Assignment – Records follow. Copy every line with "negP".

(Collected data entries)
—————

Section Epigraph.
Variables (R : realType) (N : nat) (Omega : set 'rV[R]_N) (T : 'rV[R]_N -> R).
Variable xbar : 'rV[R]_N.
Hypothesis Oxbar : Omega xbar.
Local Notation K := (epi Omega T).
Local Notation zbar := (xbar, T xbar).

Let Kzbar : K zbar. Proof. by []. Qed.

Lemma horizontal_normal_of_steep_normals Phi d (zs vs : nat -> 'rV[R]_N * R) :
  0 < Phi -> 0 < d ->
  (forall z w v, K z -> normp (psub z zbar) < d -> K w -> prox_normal K z v ->
    dotp v (psub w z) <= Phi * normp v * normp (psub w z) ^+ 2) ->
  (forall n, K (zs n)) -> (forall n, normp (psub (zs n) zbar) < d * harmonic n) ->
  (forall n, prox_normal K (zs n) (vs n)) ->
  (forall n, - (vs n).2 < harmonic n * normv (vs n).1) ->
  exists zeta : 'rV[R]_N, zeta != 0 /\ prox_normal K zbar (zeta, 0).
Proof.
move=> Phi_gt0 d_gt0 reach Kz zn vz v_steep.
pose u n := pscale (normp (vs n))^-1 (vs n).
have v_gt0 n : 0 < normp (vs n).
  rewrite lt0r normp_ge0 andbT; apply/eqP => /normp_eq0 v0.
  by have := v_steep n; rewrite v0 normv0 mulr0 oppr0 ltxx.
have u1 n : normp (u n) = 1.
  by rewrite normpZ ger0_norm ?invr_ge0 ?normp_ge0 // mulVf ?gt_eqF.
have [u0 [u0_1 u0_cl]] := unit_sphere_cluster u1.
have u_reach n w : K w -> dotp (u n) (psub w (zs n)) <= Phi * normp (psub w (zs n)) ^+ 2.
  move=> Kw; rewrite -[Phi]mulr1 -(u1 n).
  apply: reach (Kz n) _ Kw _; last by apply: prox_normalZ; rewrite ?invr_gt0.
  by apply: lt_le_trans (zn n) _; rewrite ger_pMr ?harmonic_le1.
have u0_normal : prox_normal K zbar u0.
  apply: (prox_normal_cluster (ltW Phi_gt0) _ u1 u_reach u0_cl) => e e_gt0.
  by apply: filterS (near_harmonic_lt d e_gt0) => n; exact: lt_trans (zn n).
have u_steep n : - (u n).2 < harmonic n.
  have h_gt0 : 0 < harmonic n := @harmonic_gt0 R n.
  apply: (@lt_le_trans _ _ (harmonic n * normv (u n).1)).
    rewrite /u /pscale /= normvZ ger0_norm ?invr_ge0 ?normp_ge0 //.
    by rewrite -mulrN mulrCA ltr_pM2l ?invr_gt0.
  by rewrite ler_piMr ?(ltW h_gt0) //; apply: le_trans (normv_fst (u n)) _; rewrite u1.
(* [u0] is horizontal: [u0.2 >= 0] by steepness, [u0.2 <= 0] as an epigraph normal *)
have u0_snd : u0.2 = 0.
  apply/eqP; rewrite eq_le (epi_prox_normal_snd_le0 Kzbar u0_normal) /=.
  apply/ler_addgt0Pr => e e_gt0.
  have csnd : continuous (fun a : 'rV[R]_N * R => a.2) by move=> a; exact: cvg_snd.
  have cC : closed [set a : 'rV[R]_N * R | - e <= a.2].
    exact: (preimage_closed (fun a _ => csnd a) (@closed_ge R _)).
  have ev : \forall n \near \oo, - e <= (u n).2.
    apply: filterS (near_harmonic_lt 1 e_gt0) => n; rewrite mul1r lerNl => he.
    exact/ltW/(lt_trans (u_steep n)).
  by have := cluster_closed_mem u0_cl cC ev; rewrite /=; lra.
exists u0.1; split; last by rewrite -u0_snd -surjective_pairing.
apply/eqP => u01; move: u0_1; rewrite (surjective_pairing u0) u01 u0_snd normp_vert.
by rewrite normr0 => /eqP; rewrite eq_sym oner_eq0.
Qed.

Lemma normal_cone_near : loc_pos_reach K ->
  ~ (exists zeta : 'rV[R]_N, zeta != 0 /\ prox_normal K zbar (zeta, 0)) ->
  exists2 delta, 0 < delta & exists2 c, 0 < c & forall z v, K z ->
    normp (psub z zbar) < delta -> prox_normal K z v -> normv v.1 <= c * - v.2.
Proof.
move=> reachK no_horizontal.
have [Phi Phi_gt0 [d d_gt0 reach]] := loc_pos_reach_bound reachK Kzbar.
apply: contrapT => no_cone.
have steep n : exists zv : ('rV[R]_N * R) * ('rV[R]_N * R),
    [/\ K zv.1, normp (psub zv.1 zbar) < d * harmonic n, prox_normal K zv.1 zv.2 &
        - zv.2.2 < harmonic n * normv zv.2.1].
  have h_gt0 : 0 < harmonic n := @harmonic_gt0 R n.
  apply: contrapT => no_steep; apply: no_cone.
  exists (d * harmonic n); first by rewrite mulr_gt0.
  exists (harmonic n)^-1; first by rewrite invr_gt0.
  move=> z v Kz zn vz; rewrite leNgt; apply/negP => v_steep; apply: no_steep.
  exists (z, v); split => //=.
  by move: v_steep; rewrite -(ltr_pM2l h_gt0) mulrA mulfV ?mul1r // lt0r_neq0.
have [f /all_and4[Kz zn vz v_steep]] := choice steep.
apply: no_horizontal.
exact: (@horizontal_normal_of_steep_normals _ _ (fun n => (f n).1) (fun n => (f n).2)
  Phi_gt0 d_gt0 reach Kz zn vz v_steep).
Qed.

Lemma projection_below_graph z r x eps : 0 < r ->
  closed [set w | K w /\ normp (psub w z) <= r] -> Omega x -> 0 < eps ->
  normp (psub (x, T x) z) + 2 * eps <= r / 2 ->
  exists q, [/\ K q, prox_normal K q (psub (x, T x - eps) q),
    normp (psub (x, T x - eps) q) <= eps,
    normp (psub q z) <= normp (psub (x, T x) z) + 2 * eps &
    psub (x, T x - eps) q != (0, 0)].
Proof.
move=> r_gt0 cA Ox eps_gt0 x_near.
have px : normp (psub (x, T x - eps) (x, T x)) = eps.
  by rewrite normp_psub_vert addrAC subrr add0r normrN gtr0_norm.
have Kx : K (x, T x) by [].
rewrite -px in x_near.
have [q [Kq pq qz q_normal]] := local_projection r_gt0 cA Kx x_near.
rewrite px in pq qz; exists q; split => //.
apply/negP; rewrite /psub /= => /eqP [/subr0_eq qx /subr0_eq q2E].
by case: Kq => _; rewrite -qx -q2E; lra.
Qed.

Lemma one_sided_estimate (delta c : R) : loc_pos_reach K -> 0 < delta -> 0 < c ->
  (forall z v, K z -> normp (psub z zbar) < delta -> prox_normal K z v ->
    normv v.1 <= c * - v.2) ->
  exists2 eta, 0 < eta & exists2 C, 0 <= C & forall x y, Omega x -> Omega y ->
    normp (psub (x, T x) zbar) < eta ->
    - ((2 * c + 2) * normv (y - x)) -
      C * (18 * normv (y - x) ^+ 2 + 2 * (T y - T x) ^+ 2) <= T y - T x.
Proof.
move=> reachK delta_gt0 c_gt0 cone.
have [r [r_gt0 cA]] := reachK.1 _ Kzbar.
have [Phi Phi_gt0 [dphi dphi_gt0 reach]] := loc_pos_reach_bound reachK Kzbar.
pose eta := Num.min (r / 6) (Num.min (delta / 3) (dphi / 3)).
have eta_gt0 : 0 < eta by rewrite !lt_min !divr_gt0.
have [eta_r eta_delta eta_dphi] : [/\ eta <= r / 6, eta <= delta / 3 & eta <= dphi / 3].
  by rewrite !ge_min !lexx !orbT.
exists eta => //; exists (Phi * (c + 1)); first by rewrite mulr_ge0 ?addr_ge0 ?ltW.
move=> x y Ox Oy xz; set C := Phi * (c + 1).
have C_ge0 : 0 <= C by rewrite mulr_ge0 ?addr_ge0 ?ltW.
have [->|xy] := eqVneq y x.
  rewrite !subrr expr0n /=; have := normv_ge0 (0 : 'rV[R]_N).
  by have := mulr_ge0 C_ge0 (sqr_ge0 (normv (0 : 'rV[R]_N))); nra.
set d := normv (y - x).
have d_gt0 : 0 < d by rewrite normv_gt0 subr_eq0.
pose eps := Num.min d eta.
have eps_gt0 : 0 < eps by rewrite lt_min d_gt0.
have [eps_d eps_eta] : eps <= d /\ eps <= eta by split; rewrite ge_min lexx ?orbT.
have x_near : normp (psub (x, T x) zbar) + 2 * eps <= r / 2 by lra.
have [q [Kq q_normal pq qz v_neq0]] := projection_below_graph r_gt0 cA Ox eps_gt0 x_near.
set p := (x, T x - eps) in q_normal pq v_neq0; set v := psub p q in q_normal pq v_neq0.
have v_cone := cone q v Kq ltac:(lra) q_normal.
have lam_gt0 := cone_snd_lt0 c_gt0 v_cone v_neq0.
have [v1_le v2_le] : normv v.1 <= eps /\ `|v.2| <= eps.
  by split; apply: le_trans pq; [exact: normv_fst | exact: norm_snd].
have v_le : normp v <= (c + 1) * - v.2.
  apply: le_trans (normp_le_pair v.1 v.2) _; rewrite -normrN gtr0_norm //.
  by rewrite mulrDl mul1r lerD2r.
have Ky : K (y, T y) by [].
have := reach q (y, T y) v Kq ltac:(lra) Ky q_normal.
set W := normp (psub (y, T y) q) => reach_y.
apply: (lower_bound_of_normal (y := y) (q := q) (v1 := v.1) (lam := - v.2)) => //.
- apply: (@le_trans _ _ (Phi * normp v * W ^+ 2)).
    by move: reach_y; rewrite /dotp /psub /= mulNr opprK; apply.
  by rewrite /C -!mulrA ler_pM2l // mulrA -/W ler_wpM2r ?sqr_ge0.
- by have := normv_sub_le y x q.1; rewrite -/d -[x - q.1]/(v.1); lra.
- by move: v2_le; rewrite ler_norml /v /psub /= => /andP[_]; lra.
- apply: le_trans (normp_psub_le (y, T y) (x, T x) q) _.
  have := normp_le_pair (y - x) (T y - T x); rewrite -/d.
  have : normp (psub p (x, T x)) = eps.
    by rewrite normp_psub_vert addrAC subrr add0r normrN gtr0_norm.
  by have := normp_psub_le (x, T x) p q; rewrite (normp_psubC (x, T x) p); lra.
Qed.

—————

Problem solution –
  move=> z v Kz zn vz; rewrite leNgt; apply/negP => v_steep; apply: no_steep.
apply/negP; rewrite /psub /= => /eqP [/subr0_eq qx /subr0_eq q2E].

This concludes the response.